With local LLM inference in place, you can build a complete voice-driven assistant by adding speech input, speech output, wake word detection, and optional MCP tool invocation.

  • Wake word detection (Porcupine): Acts as the entry point to the assistant. It continuously monitors audio and activates the pipeline only when a predefined wake phrase is detected, keeping the system idle otherwise.

  • Speech-to-text (Cheetah Streaming STT): Handles user input after activation by converting spoken queries into text that can be passed directly to the LLM for interpretation and response generation.

  • Integration with MCP (optional): Serves as the decision and reasoning layer of the assistant. It generates natural-language responses and, when needed, invokes external tools or system actions through the Model Context Protocol (MCP).

  • Text-to-speech (Orca Streaming TTS): Converts generated text into audible speech, allowing responses to be spoken aloud back to the user in real time.

Start Building

Frequently Asked Questions

Can I run local LLM inference without an internet connection?

Once you've downloaded the model file and obtained your AccessKey, picoLLM runs inference completely offline.

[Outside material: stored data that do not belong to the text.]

Lemma coord_le_mx_norm v i : `|v i 0| <= `|v|.
Proof.
rewrite [leRHS]mx_normrE.
exact: (le_bigmax _ (fun ij : 'I_n * 'I_1 => `|v ij.1 ij.2|) (i, 0)).
Qed.

Lemma mx_norm_le_P_norm2 v : `|v| <= P_norm2 v.
Proof.
rewrite [leLHS]mx_normrE; apply: bigmax_le => [|[i j] _]; first exact: P_norm2_ge0.
by rewrite /= (ord1 j) coord_le_P_norm2.
Qed.

Lemma abs_P_ip_le (a : vec) z r : (forall k, `|z k 0| <= r) ->
  `|P_ip a z| <= (\sum_k `|a k 0|) * r.
Proof.
move=> zr; rewrite /P_ip (le_trans (ler_norm_sum _ _ _)) // mulr_suml.
by apply: ler_sum => i _; rewrite normrM ler_wpM2l.
Qed.

Lemma abs_P_ip_quad_le (A : 'M[R]_n) d r : 0 <= r -> (forall k, `|d k 0| <= r) ->
  `|P_ip d (A *m d)| <= (\sum_i \sum_k `|A i k|) * r ^+ 2.
Proof.
move=> r0 dr; rewrite /P_ip (le_trans (ler_norm_sum _ _ _)) // mulr_suml.
apply: ler_sum => i _; rewrite normrM mxE expr2 mulrCA ler_pM //.
rewrite mulr_suml (le_trans (ler_norm_sum _ _ _)) //; apply: ler_sum => k _.
by rewrite normrM ler_wpM2l.
Qed.

End InnerProduct.

Section Polyhedra.
Variables (R : realType) (n : nat).
Local Notation vec := 'cV[R]_n.

Lemma lipschitz_continuous_fun (g : vec -> R) (c : R) : 0 <= c ->
  (forall v w, `|g v - g w| <= c * `|v - w|) -> continuous g.
Proof.
move=> c0 gc v; apply/(@cvgrPdist_lt _ _ _ (nbhs v) (nbhs_filter v)) => e e0.
have ce : 0 < e / (c + 1) by rewrite divr_gt0 // ltr_wpDl.
apply: filterS (nbhsx_ballx v _ ce) => w; rewrite -ball_normE /= => vw.
apply: le_lt_trans (gc v w) _.
rewrite ltr_pdivlMr ?ltr_wpDl // in vw.
have : 0 <= `|v - w| by []; nra.
Qed.

Lemma P_ip_continuous (a : vec) : continuous (P_ip a).
Proof.
apply: (@lipschitz_continuous_fun _ (\sum_k `|a k 0|)); first exact: sumr_ge0.
by move=> v w; rewrite -P_ipNr -P_ipDr abs_P_ip_le // => k; apply: coord_le_mx_norm.
Qed.

Lemma polyhedral_closed (P : set vec) : P_polyhedral P -> closed P.
Proof.
move=> [m [a [b ->]]].
have -> : [set x : vec | forall j, P_ip (a j) x <= b j] =
    \bigcap_(j in [set: 'I_m]) (P_ip (a j) @^-1` [set r | r <= b j]).
  by rewrite predeqE => x; split => [H j _|H j]; exact: H.
apply: closed_bigI => j _; apply: preimage_closed; last exact: closed_le.
by move=> v _; apply: P_ip_continuous.
Qed.

Lemma P_Fx_closed p (F : 'I_p -> set vec) x : (forall i, closed (F i)) ->
  closed (P_Fx F x).
Proof.
move=> Fc; have -> : P_Fx F x = \bigcap_(i in [set i | F i x]) F i.
  by rewrite predeqE => y; split => H i Hi; exact: H.
by apply: closed_bigI => i _; apply: Fc.
Qed.

Lemma P_Fx_eq_index p (F : 'I_p -> set vec) x x0 :
  [set i | `[< F i x >]]%SET = [set i | `[< F i x0 >]]%SET -> P_Fx F x = P_Fx F x0.
Proof.
move=> /setP Ieq; rewrite predeqE => y.
have Fx i : F i x <-> F i x0 by apply: asbool_eq_equiv; have := Ieq i; rewrite !inE.
by split => Fy i /Fx; apply: Fy.
Qed.

(* A half-space violated at x stays violated slightly behind x. *)
Lemma polyhedral_near_behind (P : set vec) x d : P_polyhedral P ->
  \forall t \near (0 : R)^'+, P (x - t *: d) -> P x.
Proof.
move=> [m [a [b ->]]] /=.
have [Px|/existsNP[j /negP]] := pselect (forall j, P_ip (a j) x <= b j).
  by apply: nearW => t _.
rewrite -ltNge -subr_gt0 => bj.
have c1 : 0 < `|P_ip (a j) d| + 1 by rewrite ltr_wpDl.
near=> t => /(_ j); rewrite P_ipDr P_ipNr P_ipZr.
have t0 : 0 < t by near: t; exact: nbhs_right_gt.
have : t * (`|P_ip (a j) d| + 1) < P_ip (a j) x - b j.
  by rewrite -ltr_pdivlMr //; near: t; apply: nbhs_right_lt; rewrite divr_gt0.
have : t * P_ip (a j) d <= t * `|P_ip (a j) d| by rewrite ler_wpM2l ?ler_norm ?ltW.
nra.
Unshelve. all: by end_near.
Qed.

Lemma polyhedra_near_behind p (F : 'I_p -> set vec) x d :
  (forall j, P_polyhedral (F j)) ->
  exists2 t : R, 0 < t <= 1 & forall j, F j (x - t *: d) -> F j x.
Proof.
move=> Fp.
have Fnear : \forall t \near (0 : R)^'+, forall j, F j (x - t *: d) -> F j x.
  by apply: filter_forall => j; apply: polyhedral_near_behind.
have [t [[t0 t1] Ft]] :=
  filter_ex (filterI (filterI (nbhs_right_gt 0) (nbhs_right_lt ltr01)) Fnear).
by exists t => //; rewrite t0 ltW.
Qed.

End Polyhedra.

Section PiecewiseQuadratic.
Variables (R : realType) (n : nat).
Local Notation vec := 'cV[R]_n.

Definition quad_fun (A : 'M[R]_n) (a : vec) (al : R) (z : vec) : R :=
  1 / 2 * P_ip z (A *m z) + P_ip a z + al.

Lemma quad_funD_scale A a al x d s :
  quad_fun A a al (x + s *: d) = quad_fun A a al x
    + s * (1 / 2 * (P_ip x (A *m d) + P_ip d (A *m x)) + P_ip a d)
    + s ^+ 2 * (1 / 2 * P_ip d (A *m d)).
Proof. by rewrite /quad_fun mulmxDr -scalemxAr !P_ipDl !P_ipDr !P_ipZl !P_ipZr; ring. Qed.

(* The subgradient inequality at x - t d bounds the linear part of the
   expansion along d by the quadratic one. *)
Lemma P_bregman_le_quad (f : vec -> R) A a al x xs d (t : R) :
  P_subgrad f x xs -> 0 < t <= 1 ->
  f x = quad_fun A a al x -> f (x + d) = quad_fun A a al (x + d) ->
  f (x - t *: d) = quad_fun A a al (x - t *: d) ->
  P_bregman f xs x (x + d) <= `|P_ip d (A *m d)|.
Proof.
move=> sg /andP[t0 t1] fx fy fz.
have := sg (x - t *: d).
rewrite [_ - x]addrAC subrr add0r P_ipNr P_ipZr fx fz.
have -> : x - t *: d = x + (- t) *: d by rewrite scaleNr.
rewrite quad_funD_scale.
rewrite /P_bregman [_ - x]addrC addKr fy fx -[d in quad_fun _ _ _ (x + d)]scale1r.
rewrite quad_funD_scale.
set B := _ + P_ip a d; set g := P_ip d (A *m d); set I := P_ip xs d.
move=> sgz; have BI : B - I <= t * g / 2.
  by rewrite -(ler_pM2l t0); lra.
have : t * g <= `|g|.
  apply: le_trans (ler_wpM2l (ltW t0) (ler_norm g)) _.
  by rewrite ler_piMl ?normr_ge0.
have := ler_norm g; lra.
Qed.

Definition plq_modulus p (A : 'I_p -> 'M[R]_n) : R :=
  \sum_j \sum_i \sum_k `|A j i k|.

Lemma sum_abs_le_plq_modulus p (A : 'I_p -> 'M[R]_n) j :
  \sum_i \sum_k `|A j i k| <= plq_modulus A.
Proof.
rewrite /plq_modulus (bigD1 j) //= lerDl.
by do 2 (apply: sumr_ge0 => ? _); apply: sumr_ge0.
Qed.

Lemma plq_modulus_ge0 p (A : 'I_p -> 'M[R]_n) : 0 <= plq_modulus A.
Proof. by do 2 (apply: sumr_ge0 => ? _); apply: sumr_ge0. Qed.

The AccessKey validation happens during initialization and can work offline after initial verification. All inference runs locally on your device without any external API calls.

Which quantized models work best for embedded systems and Raspberry Pi?

Smaller models like Phi-2, Gemma-2B, or Llama-3.2-1B work well on devices with 4-8GB RAM. These quantized models are optimized for resource-constrained environments while maintaining reasonable output quality.

How does temperature affect LLM text generation quality?

Temperature controls randomness in token selection. Low temperature (0.1-0.3) makes output deterministic and focused, ideal for factual tasks, code generation, or structured data extraction. High temperature (0.7-1.0) increases creativity and diversity, better for creative writing or brainstorming.

How do I run an LLM locally in C?

To run an LLM in C, you need a quantized model file, an inference engine with C bindings, and hardware acceleration support. Start by downloading a quantized model—these compressed versions reduce memory usage and improve inference speed on local hardware. Next, choose an inference engine that provides native C bindings. Popular options include llama.cpp, which offers a C-compatible API, and picoLLM, which provides a native C SDK designed for cross-platform deployment on Windows, macOS, Linux, and Raspberry Pi. The basic workflow involves initializing the inference engine, loading your model into memory, configuring generation parameters like temperature and max tokens, and calling the inference function with your prompt. Most engines support streaming callbacks for token-by-token output. For production applications, you'll need to handle memory management, error checking, threading, and hardware acceleration. The picoLLM C SDK includes built-in support for these requirements with comprehensive documentation for local LLM inference in C.

Can I use picoLLM with GPU acceleration for faster inference?

Yes, picoLLM supports GPU acceleration on compatible hardware. Set device_string to "gpu" or "best" (automatic selection). GPU acceleration significantly speeds up inference, especially for larger models.